Tomcat 9.0.115, 10.1.52, and 11.0.18 include a breaking change [1] to
how ciphers are configured when using HTTPS. Previously, a single
setting was used but this has now been split in two; the existing
ciphers setting for TLSv1.2 ciphers and a new ciperSuites setting for
TLSv1.3. As part of this split, the behavior of the ciphers setting
has been changed such that any TLSv1.3 ciphers are ignored and a
warning is logged.

This change in Tomcat is problematic without also making some changes
in Boot. If we had done nothing, a user that had configured only
TLSv1.3 cipers would have them all ignored, leaving their SSL
connection unexpectedly using all of the default ciphers which may be
less secure.

This commit adapts to the breaking change in Tomcat by taking the
user's list of ciphers and splitting into into TLSv1.2 and TLSv1.3
ciphers before passing them into Tomcat's two settings (ciphers and
cipherSuites respectively). This is done defensively for backwards
compatibility.
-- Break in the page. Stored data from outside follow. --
(* Let $\nu\in(0,1]$, $\varrho,c_l,\alpha,\delta>0$, $x\in K_\nu^\varrho$, $g^\delta\in\mathbb Y$ with $\|g^\delta-Ax\|_{\mathbb Y}\le\delta$, and $\hat x_\alpha\in R_\alpha(g^\delta)$. If $c_l\varrho^{-1/\nu}\delta^{1/\nu}\le\alpha$, then $\varrho_\nu(\hat x_\alpha)\le(2+c_l^{-\nu})\varrho$.
   Context: Standing setting: $\mathbb X$ real Banach space, $\tau$ a topology with $(\mathbb X,\tau)$ locally convex Hausdorff; $\mathcal R:\mathbb X\to(-\infty,\infty]$ proper convex with $\tau$-compact sublevel sets; $\mathbb Y$ real Hilbert space; $A:\mathbb X\to\mathbb Y$ linear, $\tau$-to-weak continuous. $T_\alpha(x,g):=\frac1{2\alpha}\|g-Ax\|_{\mathbb Y}^2+\mathcal R(x)$, $R_\alpha(g):=\operatorname{argmin}_{x\in\mathrm{dom}(\mathcal R)}T_\alpha(x,g)$. For $\nu\ge0$, $\varrho_\nu(x):=\sup\{\alpha^{-\nu}\|Ax-Ax_\alpha\|_{\mathbb Y}:\alpha>0,x_\alpha\in R_\alpha(Ax)\}$ and $K_\nu^\varrho:=\{x\in\mathbb X:\varrho_\nu(x)\le\varrho\}$. *)

From HB Require Import structures.
From mathcomp Require Import all_boot all_order all_algebra.
From mathcomp Require Import all_classical all_reals all_analysis.
Set Implicit Arguments. Unset Strict Implicit. Unset Printing Implicit Defensive.
Import Order.TTheory GRing.Theory Num.Theory.
Import numFieldNormedType.Exports.
Local Open Scope classical_set_scope.
Local Open Scope ring_scope.

(* A norm on a real vector space that makes it a Banach space
   (the norm of X is a separate datum from the topology tau carried by X). *)
Definition is_banach_norm (R : realType) (X : lmodType R) (nX : X -> R) : Prop :=
  [/\ (forall x, 0 <= nX x),
      (forall x, nX x = 0 -> x = 0),
      (forall (a : R) x, nX (a *: x) = `|a| * nX x),
      (forall x y, nX (x + y) <= nX x + nX y) &
      (forall u : nat -> X,
         (forall e : R, 0 < e -> exists N : nat, forall m n : nat,
            (N <= m)%N -> (N <= n)%N -> nX (u m - u n) < e) ->
         exists l : X, forall e : R, 0 < e -> exists N : nat, forall n : nat,
            (N <= n)%N -> nX (u n - l) < e)].

Definition is_inner_product (R : realType) (Y : normedModType R)
  (ip : Y -> Y -> R) : Prop :=
  [/\ (forall y z, ip y z = ip z y),
      (forall (a : R) y z w, ip (a *: y + z) w = a * ip y w + ip z w) &
      (forall y, ip y y = `|y| ^+ 2)].

Definition proper_fun (R : realType) (X : Type) (F : X -> \bar R) : Prop :=
  (forall x, F x != -oo%E) /\ (exists x, (F x < +oo)%E).

Definition convex_efun (R : realType) (X : lmodType R) (F : X -> \bar R) : Prop :=
  forall (x y : X) (l : R), 0 < l < 1 ->
    (F (l *: x + (1 - l) *: y)%R <= l%:E * F x + (1 - l)%:E * F y)%E.

Definition Tik (R : realType) (X : Type) (Y : normedModType R)
  (A : X -> Y) (Rf : X -> \bar R) (alpha : R) (x : X) (g : Y) : \bar R :=
  (((2 * alpha)^-1 * `|g - A x| ^+ 2)%:E + Rf x)%E.

Definition Rmin (R : realType) (X : Type) (Y : normedModType R)
  (A : X -> Y) (Rf : X -> \bar R) (alpha : R) (g : Y) : set X :=
  [set x | (Rf x < +oo)%E /\
     forall z, (Rf z < +oo)%E -> (Tik A Rf alpha x g <= Tik A Rf alpha z g)%E].

Definition rho_nu (R : realType) (X : Type) (Y : normedModType R)
  (A : X -> Y) (Rf : X -> \bar R) (nu : R) (x : X) : \bar R :=
  ereal_sup [set e | exists (alpha : R) (xa : X),
     [/\ 0 < alpha, Rmin A Rf alpha (A x) xa &
         e = (alpha `^ (- nu) * `|A x - A xa|)%:E]].

Definition Kset (R : realType) (X : Type) (Y : normedModType R)
  (A : X -> Y) (Rf : X -> \bar R) (nu varrho : R) : set X :=
  [set x | (rho_nu A Rf nu x <= varrho%:E)%E].

From HB Require Import structures.
From mathcomp Require Import all_boot all_order all_algebra.
From mathcomp Require Import all_classical all_reals all_analysis.
From mathcomp Require Import ring lra.
Import Order.TTheory GRing.Theory Num.Theory.
Import numFieldNormedType.Exports.
Local Open Scope classical_set_scope.
Local Open Scope ring_scope.
Set Implicit Arguments. Unset Strict Implicit.

(* The proof rests on the first-order optimality condition of Tikhonov
   minimizers, R(x1) - R(z) <= a^-1 <g - A x1, A x1 - A z>, obtained by
   comparing T_a along segments (convexity of R).  Adding two such
   conditions shows that, for a fixed parameter, both g |-> A x_a(g) and
   g |-> g - A x_a(g) are 1-Lipschitz, and that re-regularizing A x1 with
   a parameter b moves it by at most b/a times the residual of x1.  Next,
   minimizers exist: T_a is lower semicontinuous (weak lower semicontinuity
   of the norm plus closed sublevel sets of R) and has compact sublevel sets.
   Finally, to bound varrho_nu(xh) we re-regularize A xh with a parameter b:
   for b <= alpha the comparison lemma and the residual bound
   |g^delta - A xh| <= (1 + cl^(-nu)) varrho alpha^nu apply, and for
   b > alpha we compare with the exact-data minimizer x_b, using
   |A xh - A x| <= (1 + cl^(-nu)) varrho alpha^nu and x in K_nu^varrho. *)

Section InnerProduct.
Variables (R : realType) (Y : normedModType R) (ip : Y -> Y -> R).
Hypothesis hip : is_inner_product ip.

Lemma ipC y w : ip y w = ip w y.
Proof. by case: hip. Qed.

Lemma ip_norm y : ip y y = `|y| ^+ 2.
Proof. by case: hip. Qed.

Lemma ipDl y z w : ip (y + z) w = ip y w + ip z w.
Proof. by case: hip => _ hl _; have := hl 1 y z w; rewrite scale1r mul1r. Qed.

Lemma ip0l w : ip 0 w = 0.
Proof. by have := ipDl 0 0 w; rewrite addr0 => h; lra. Qed.

Lemma ipZl a y w : ip (a *: y) w = a * ip y w.
Proof. by case: hip => _ hl _; have := hl a y 0 w; rewrite !addr0 ip0l addr0. Qed.

Lemma ipBl y z w : ip (y - z) w = ip y w - ip z w.
Proof. by rewrite ipDl -scaleN1r ipZl mulN1r. Qed.

Lemma ipBr y z w : ip w (y - z) = ip w y - ip w z.
Proof. by rewrite !(ipC w) ipBl. Qed.

Lemma ipZr a y w : ip w (a *: y) = a * ip w y.
Proof. by rewrite !(ipC w) ipZl. Qed.

Lemma normB_sqr u v : `|u - v| ^+ 2 = `|u| ^+ 2 - 2 * ip u v + `|v| ^+ 2.
Proof. by rewrite -!ip_norm !ipBl !ipBr (ipC v u); ring. Qed.

(* Cauchy--Schwarz: expand 0 <= |u - t v|^2 at the optimal t = <u,v>/|v|^2. *)
Lemma ip_le_norm u v : ip u v <= `|u| * `|v|.
Proof.
have [->|v0] := eqVneq v 0.
  by rewrite normr0 mulr0 -(scale0r (0 : Y)) ipZr mul0r.
have s0 : 0 < `|v| ^+ 2 by rewrite exprn_gt0 // normr_gt0.
pose t := ip u v / `|v| ^+ 2.
have ts : t * `|v| ^+ 2 = ip u v by rewrite /t mulfVK // gt_eqF.
have expand := normB_sqr u (t *: v).
rewrite ipZr normrZ exprMn real_normK ?num_real // in expand.
have : 0 <= `|u - t *: v| ^+ 2 by rewrite exprn_ge0.
have : 0 <= `|u| * `|v| by rewrite mulr_ge0.
rewrite expand exprMn; nra.
Qed.

Lemma firmly_nonexpansive G D :
  `|D| ^+ 2 <= ip G D -> `|D| <= `|G| /\ `|G - D| <= `|G|.
Proof.
move=> hGD; have cs := ip_le_norm G D.
have nD : 0 <= `|D| by []; have nG : 0 <= `|G| by [].
have nGD : 0 <= `|G - D| by [].
have := normB_sqr G D; split; nra.
Qed.

End InnerProduct.

Lemma le0_of_le_small_multiples (R : realType) (D c : R) : 0 <= c ->
  (forall t, 0 < t -> t < 1 -> D <= t * c) -> D <= 0.
Proof.
move=> c0 h; rewrite leNgt; apply/negP => D0.
pose t := D / (2 * (D + c)).
have tDc : t * (D + c) = D / 2 by rewrite /t; field; rewrite gt_eqF //; lra.
have t0 : 0 < t by rewrite /t divr_gt0 //; lra.
have t1 : t < 1.
  by rewrite -(ltr_pM2r (_ : 0 < D + c)) ?tDc; lra.
have := h t t0 t1; nra.
Qed.

Lemma subrBB (V : zmodType) (a b c d : V) : (a - b) - (c - d) = (a - c) - (b - d).
Proof. by rewrite !opprB addrACA [RHS]addrACA [- b - c]addrC. Qed.

Lemma residual_segment (R : pzRingType) (V : lmodType R) (g a b : V) (t : R) :
  g - (t *: b + (1 - t) *: a) = g - a - t *: (b - a).
Proof.
rewrite -addrA -opprD; congr (g - _).
by rewrite addrC scalerBl scale1r scalerBr -addrA [- _ + _]addrC.
Qed.

Section TikhonovMinimizers.
Variables (R : realType) (X : lmodType R) (Y : normedModType R).
Variables (ip : Y -> Y -> R) (A : {linear X -> Y}) (Rf : X -> \bar R).
Hypotheses (hip : is_inner_product ip) (hRp : proper_fun Rf).
Hypothesis hRc : convex_efun Rf.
If the methods to identify and configure the TLSv1.3
ciphers are not present, we assume that we're running with an earlier
version of Tomcat and fall back to passing them all into the ciphers
setting as we did previously.

Closes gh-49084

[1] https://github.com/apache/tomcat/commit/9abf6bddb2e84ecf1668780bb3150b799f832ccf
---
 gradle.properties                             |  2 +-
 .../tomcat/SslConnectorCustomizer.java        | 64 +++++++++++++++++--
 .../tomcat/SslConnectorCustomizerTests.java   | 39 ++++++++++-
 3 files changed, 99 insertions(+), 6 deletions(-)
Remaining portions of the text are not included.